Lemma enormD x y : enorm (x + y) <= enorm x + enorm y.
Proof.
rewrite -ler_sqr ?nnegrE ?addr_ge0 ?enorm_ge0 // sqrrD !enorm_sqr.
have -> : \sum_(i < n) (x + y) ord0 i ^+ 2 =
    \sum_(i < n) x ord0 i ^+ 2 + (\sum_(i < n) x ord0 i * y ord0 i) *+ 2
    + \sum_(i < n) y ord0 i ^+ 2.
  by rewrite -sumrMnl -!big_split /=; apply: eq_bigr => i _; rewrite mxE sqrrD.
by rewrite lerD2r lerD2l lerMn2r /= cauchy_schwarz_enorm.
Qed.

Lemma ler_enorm_distD x y z : enorm (x - z) <= enorm (x - y) + enorm (y - z).
Proof. by have := enormD (x - y) (y - z); rewrite addrA subrK. Qed.

Lemma ler_enorm_dist_dist x y : `|enorm x - enorm y| <= enorm (x - y).
Proof.
have tri (u v : 'rV[R]_n) : enorm u - enorm v <= enorm (u - v).
  by rewrite lerBlDr; apply: le_trans (enormD _ _); rewrite subrK.
by rewrite ler_norml tri andbT lerNl opprB enorm_distC tri.
Qed.

Lemma mx_norm_le_enorm x : `|x| <= enorm x.
Proof.
have [->|/mx_norm_neq0 [[i j] xij]] := eqVneq `|x| 0; first exact: enorm_ge0.
by rewrite [`|x|]xij /= ord1; exact: ler_coord_enorm.
Qed.

Lemma enorm_le_mx_norm x : enorm x <= n%:R * `|x|.
Proof.
rewrite -ler_sqr ?nnegrE ?mulr_ge0 ?enorm_ge0 // enorm_sqr.
apply: le_trans (_ : \sum_(i < n) `|x| ^+ 2 <= _).
  apply: ler_sum => i _; rewrite -real_normK ?num_real //.
  rewrite lerXn2r ?nnegrE // [`|x|]mx_normrE.
  by apply/bigmax_geP; right; exists (ord0, i).
rewrite sumr_const card_ord exprMn -[_ *+ n]mulr_natl ler_wpM2r ?sqr_ge0 //.
by rewrite -natrX ler_nat; case: n => // m; rewrite expnS leq_pmulr.
Qed.
Lemma priority_forest_setU1 x y e :
  priority_forest x -> priority_forest y -> x \subset y -> e \in y :\: x ->
  (forall f, f \in y :\: x -> (e.2 <= f.2)%N) -> priority_forest (e |: x).
Proof.
move=> /priority_forestP[_ _ rootsx] /priority_forestP[incry uniqy rootsy] sxy.
move=> /setDP[ey _] min_e.
have /subsetP sub : e |: x \subset y by rewrite subUset sub1set ey sxy.
apply/priority_forestP; split.
- by move=> f /sub /incry.
- by move=> p1 p2 c /sub pc1 /sub /(uniqy _ _ _ pc1).
move=> p c w; rewrite in_setU1 => /orP[/eqP pc_e | pc_x] pwc; apply/not_rootP.
  subst e; have /not_rootP[q qw] := rootsy p c w ey pwc.
  exists q; rewrite in_setU1; apply/orP; right; apply: contraT => qwx.
  have := min_e (q, w); rewrite inE qwx qw /= => /(_ isT).
  by rewrite leqNgt; case/andP: pwc => _ ->.
have /not_rootP[q qw] := rootsx p c w pc_x pwc.
by exists q; rewrite in_setU1 qw orbT.
Qed.

Lemma pf_cover_setU1 x e : priority_forest x -> priority_forest (e |: x) ->
  e \notin x -> pf_cover x (e |: x).
Proof.
move=> px pex ex; split=> //; first by rewrite properUr // sub1set.
move=> R _ [/proper_card ltxR /proper_card ltRex].
by move: ltRex; rewrite cardsU1 ex ltnNge ltxR.
Qed.

Lemma pf_cover_is_setU1 x s : pf_cover x s -> exists2 e, e \notin x & s = e |: x.
Proof.
case=> px ps /[dup] ltxs /properP[sxs _] no_between.
have /min_child_edge[e esx min_e] : s :\: x != set0.
  by rewrite setD_eq0; case/andP: ltxs.
have pex := priority_forest_setU1 px ps sxs esx min_e.
have /setDP[es ex] := esx; exists e => //.
apply/esym/eqP; rewrite eqEproper subUset sub1set es sxs /=; apply/negP => ltexs.
by apply: (no_between _ pex); rewrite properUr ?sub1set.
Qed.

Lemma pf_label_setU1 x e : e \notin x -> pf_label x (e |: x) = e.2.
Proof.
move=> ex; rewrite /pf_label setDUl setDv setU0.
by rewrite (setDidPl _) ?disjoints1 ?big_set1.
Qed.

Lemma cover_chain_subset x c : is_cover_chain x c -> x \subset last x c.
Proof.
elim: c x => [|s c IH] x /=; first by rewrite subxx.
by case=> -[_ _ /proper_sub sxs _] /IH; apply: subset_trans.
Qed.

Lemma maximal_chain_refl x c : maximal_chain x x c -> c = [::].
Proof.
case: c => // s c [[[_ _ ltxs _] /cover_chain_subset ssx] /= lx].
by move: (proper_sub_trans ltxs ssx); rewrite lx properxx.
Qed.

Lemma maximal_chain_cons x y s c : maximal_chain x y (s :: c) ->
  exists2 e, e \in y :\: x & [/\ s = e |: x, maximal_chain s y c
                             & label_seq x (s :: c) = (e.2 : nat) :: label_seq s c].
Proof.
case=> -[/pf_cover_is_setU1[e ex ->] cs] ly.
have sy : e |: x \subset y by rewrite -ly; apply: cover_chain_subset.
exists e; first by rewrite inE ex (subsetP sy) ?setU11.
by split=> //; rewrite /label_seq /= pf_label_setU1.
Qed.

Lemma mem_label_seq x y c : maximal_chain x y c ->
  label_seq x c =i [seq (e.2 : nat) | e in y :\: x].
Proof.
elim: c x => [|s c IH] x.
  by case=> _ /= <- l; rewrite setDv; apply/esym/imageP => -[e]; rewrite inE.
case/maximal_chain_cons=> e /setDP[ey ex] [-> /IH {}IH ->] l.
rewrite inE IH; apply/idP/imageP => [/orP[/eqP -> | /imageP[f]] | [f]].
- by exists e => //; apply/setDP.
- move=> /setDP[fy]; rewrite in_setU1 negb_or => /andP[_ fx] ->.
  by exists f => //; apply/setDP.
move=> /setDP[fy fx] ->; have [-> | nfe] := eqVneq f e; first by rewrite eqxx.
apply/orP; right; apply/imageP; exists f => //.
by rewrite in_setD in_setU1 negb_or nfe fx fy.
Qed.

End Covers.

Definition EL_interval n (x y : forest n) : Prop :=
  exists c, [/\ maximal_chain x y c, increasing_chain x c,
    (forall c', maximal_chain x y c' -> increasing_chain x c' -> c' = c)
  & (forall c', maximal_chain x y c' -> c' <> c ->
       lexlt (label_seq x c) (label_seq x c'))].

Lemma EL_interval_refl n (x : forest n) : EL_interval x x.
Proof. by exists [::]; split=> // c' /maximal_chain_refl. Qed.

Section MinimalEdgeFirst.
Variables (n : nat) (x y : forest n) (e0 : edge n).
Hypotheses (py : priority_forest y) (e0_yx : e0 \in y :\: x)
  (min_e0 : forall f, f \in y :\: x -> (e0.2 <= f.2)%N).
Let x0 := e0 |: x.

Lemma label_seq_min_first s c : maximal_chain x y (s :: c) -> s != x0 ->
  exists2 l, label_seq x (s :: c) = l :: label_seq s c &
             (e0.2 < l)%N && ((e0.2 : nat) \in label_seq s c).
Proof.
case/maximal_chain_cons=> e e_yx [-> msc ->] ne_x0; have /setDP[ey _] := e_yx.
have ne_e : e != e0 by apply: contraNneq ne_x0 => ->.
have /setDP[e0y e0x] := e0_yx.
exists e.2 => //; rewrite ltn_neqAle min_e0 // andbT (mem_label_seq msc).
apply/andP; split.
  apply: contra ne_e => /eqP/val_inj eq2; apply/eqP.
  by case/priority_forestP: py => _ uniqy _; apply: child_inj uniqy ey e0y (esym eq2).
by apply/imageP; exists e0; rewrite // in_setD in_setU1 negb_or eq_sym ne_e e0x e0y.
Qed.

Hypotheses (px : priority_forest x) (sxy : x \subset y).

Lemma EL_interval_min_first : EL_interval x0 y -> EL_interval x y.
Proof.
case=> c0 [mc0 ic0 uniq_c0 lex_c0].
have ls0 c : label_seq x (x0 :: c) = (e0.2 : nat) :: label_seq x0 c.
  by rewrite /label_seq /= pf_label_setU1 //; case/setDP: e0_yx.
have chain_nil c : maximal_chain x y c -> c <> [::].
  by case=> _ ly c_nil; move: e0_yx; rewrite -ly c_nil setDv inE.
have tail_x0 c : maximal_chain x y (x0 :: c) -> maximal_chain x0 y c.
  by case/maximal_chain_cons=> e _ [].
exists (x0 :: c0); split.
- case: mc0 => cs ly; split=> //; split=> //; apply: pf_cover_setU1 => //.
    exact: (priority_forest_setU1 px py sxy e0_yx min_e0).
  by case/setDP: e0_yx.
- rewrite /increasing_chain ls0 /= path_sortedE; last exact: leq_trans.
  rewrite ic0 andbT; apply/allP => l.
  rewrite (mem_label_seq mc0) => /imageP[f f_yx0 ->].
  by apply: min_e0; apply: (subsetP (setDS y (subsetUr [set e0] x))).
- case=> [|s c] mc ic; first by case: (chain_nil _ mc).
  have [eq_s | ne_x0] := eqVneq s x0.
    subst s; congr cons; apply: uniq_c0; first exact: tail_x0.
    by move: ic; rewrite /increasing_chain ls0 => /path_sorted.
  have [l ls /andP[lt_l mem_e0]] := label_seq_min_first mc ne_x0.
  move: ic; rewrite /increasing_chain ls /= path_sortedE; last exact: leq_trans.
  by case/andP=> /allP/(_ _ mem_e0); rewrite leqNgt lt_l.
- case=> [|s c] mc ne; first by case: (chain_nil _ mc).
  rewrite ls0; have [eq_s | ne_x0] := eqVneq s x0.
    subst s; rewrite ls0 /= ltnn eqxx /=; apply: lex_c0; first exact: tail_x0.
    by move=> eq_c; apply: ne; rewrite eq_c.
  by have [l -> /andP[lt_l _]] := label_seq_min_first mc ne_x0; rewrite /= lt_l.
Qed.

End MinimalEdgeFirst.

Lemma EL_interval_subset n (x y : forest n) :
  priority_forest x -> priority_forest y -> x \subset y -> EL_interval x y.
Proof.
move=> px py; have [k] := ubnP #|y :\: x|; elim: k x px => // k IH x px lt_k sxy.
case: (eqVneq (y :\: x) set0) => [yx0 | /min_child_edge[e0 e0_yx min_e0]].
  suff -> : y = x by apply: EL_interval_refl.
  by apply/eqP; rewrite eqEsubset -setD_eq0 yx0 eqxx sxy.
apply: (EL_interval_min_first py e0_yx min_e0 px sxy); apply: IH.
- exact: (priority_forest_setU1 px py sxy e0_yx min_e0).
- by move: lt_k; rewrite (cardsD1 e0 (y :\: x)) e0_yx setDDl setUC ltnS.
- by rewrite subUset sub1set sxy; case/setDP: e0_yx => ->.
Qed.
Lemma count_pred_letter_filter d (F P : pred (letter d)) a :
  (forall b, F b -> b = a) -> count F [seq b <- enum 'I_d | P b] = F a && P a.
Proof.
by move=> Fa; rewrite count_filter (count_pred_letter (a := a)) // => b /andP [/Fa].
Qed.

Section Cones.
Variable d : nat.
Implicit Types (a c : letter d) (k p q : cantor d) (s u v w : word d).

Definition cbehead k : cantor d := fun t => k t.+1.
Definition cdrop m k : cantor d := fun t => k (t + m).
Definition ccons a k : cantor d := fun t => if t is t'.+1 then k t' else a.
Definition incone w k : bool := cprefix k (size w) == w.

Lemma inconeP w k : reflect (in_cone w k) (incone w k).
Proof. exact: eqP. Qed.

Lemma ccons_behead k : ccons (k 0) (cbehead k) = k.
Proof. by apply: funext => -[|t]. Qed.

Lemma cbehead_ccons a k : cbehead (ccons a k) = k.
Proof. by []. Qed.

Lemma hcone_nil k : hcone [::] k = k.
Proof. by apply: funext => t; rewrite /hcone ltn0 subn0. Qed.

Lemma hcone_cons a w k : hcone (a :: w) k = ccons a (hcone w k).
Proof. by apply: funext => -[|t] //; rewrite /hcone /= ltnS subSS. Qed.

Lemma cprefixS k m : cprefix k m.+1 = k 0 :: cprefix (cbehead k) m.
Proof. by rewrite /cprefix /mkseq /= -(addn0 1) iotaDl -map_comp. Qed.

Lemma incone_cons a w k : incone (a :: w) k = (k 0 == a) && incone w (cbehead k).
Proof. by rewrite /incone /= cprefixS eqseq_cons. Qed.

Lemma incone_catl u s k : incone (u ++ s) k -> incone u k.
Proof.
by elim: u k => [|a u IH] k //=; rewrite !incone_cons => /andP [-> /IH].
Qed.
===============
▸ Assignment
Using the entries above, give back exactly the line containing "Definition cbehead k", the line containing "Lemma hcone_cons a", and every line between them, and nothing else.

▸ Task output
Definition cbehead k : cantor d := fun t => k t.+1.
Definition cdrop m k : cantor d := fun t => k (t + m).
Definition ccons a k : cantor d := fun t => if t is t'.+1 then k t' else a.
Definition incone w k : bool := cprefix k (size w) == w.

Lemma inconeP w k : reflect (in_cone w k) (incone w k).
Proof. exact: eqP. Qed.

Lemma ccons_behead k : ccons (k 0) (cbehead k) = k.
Proof. by apply: funext => -[|t]. Qed.

Lemma cbehead_ccons a k : cbehead (ccons a k) = k.
Proof. by []. Qed.

Lemma hcone_nil k : hcone [::] k = k.
Proof. by apply: funext => t; rewrite /hcone ltn0 subn0. Qed.

Lemma hcone_cons a w k : hcone (a :: w) k = ccons a (hcone w k).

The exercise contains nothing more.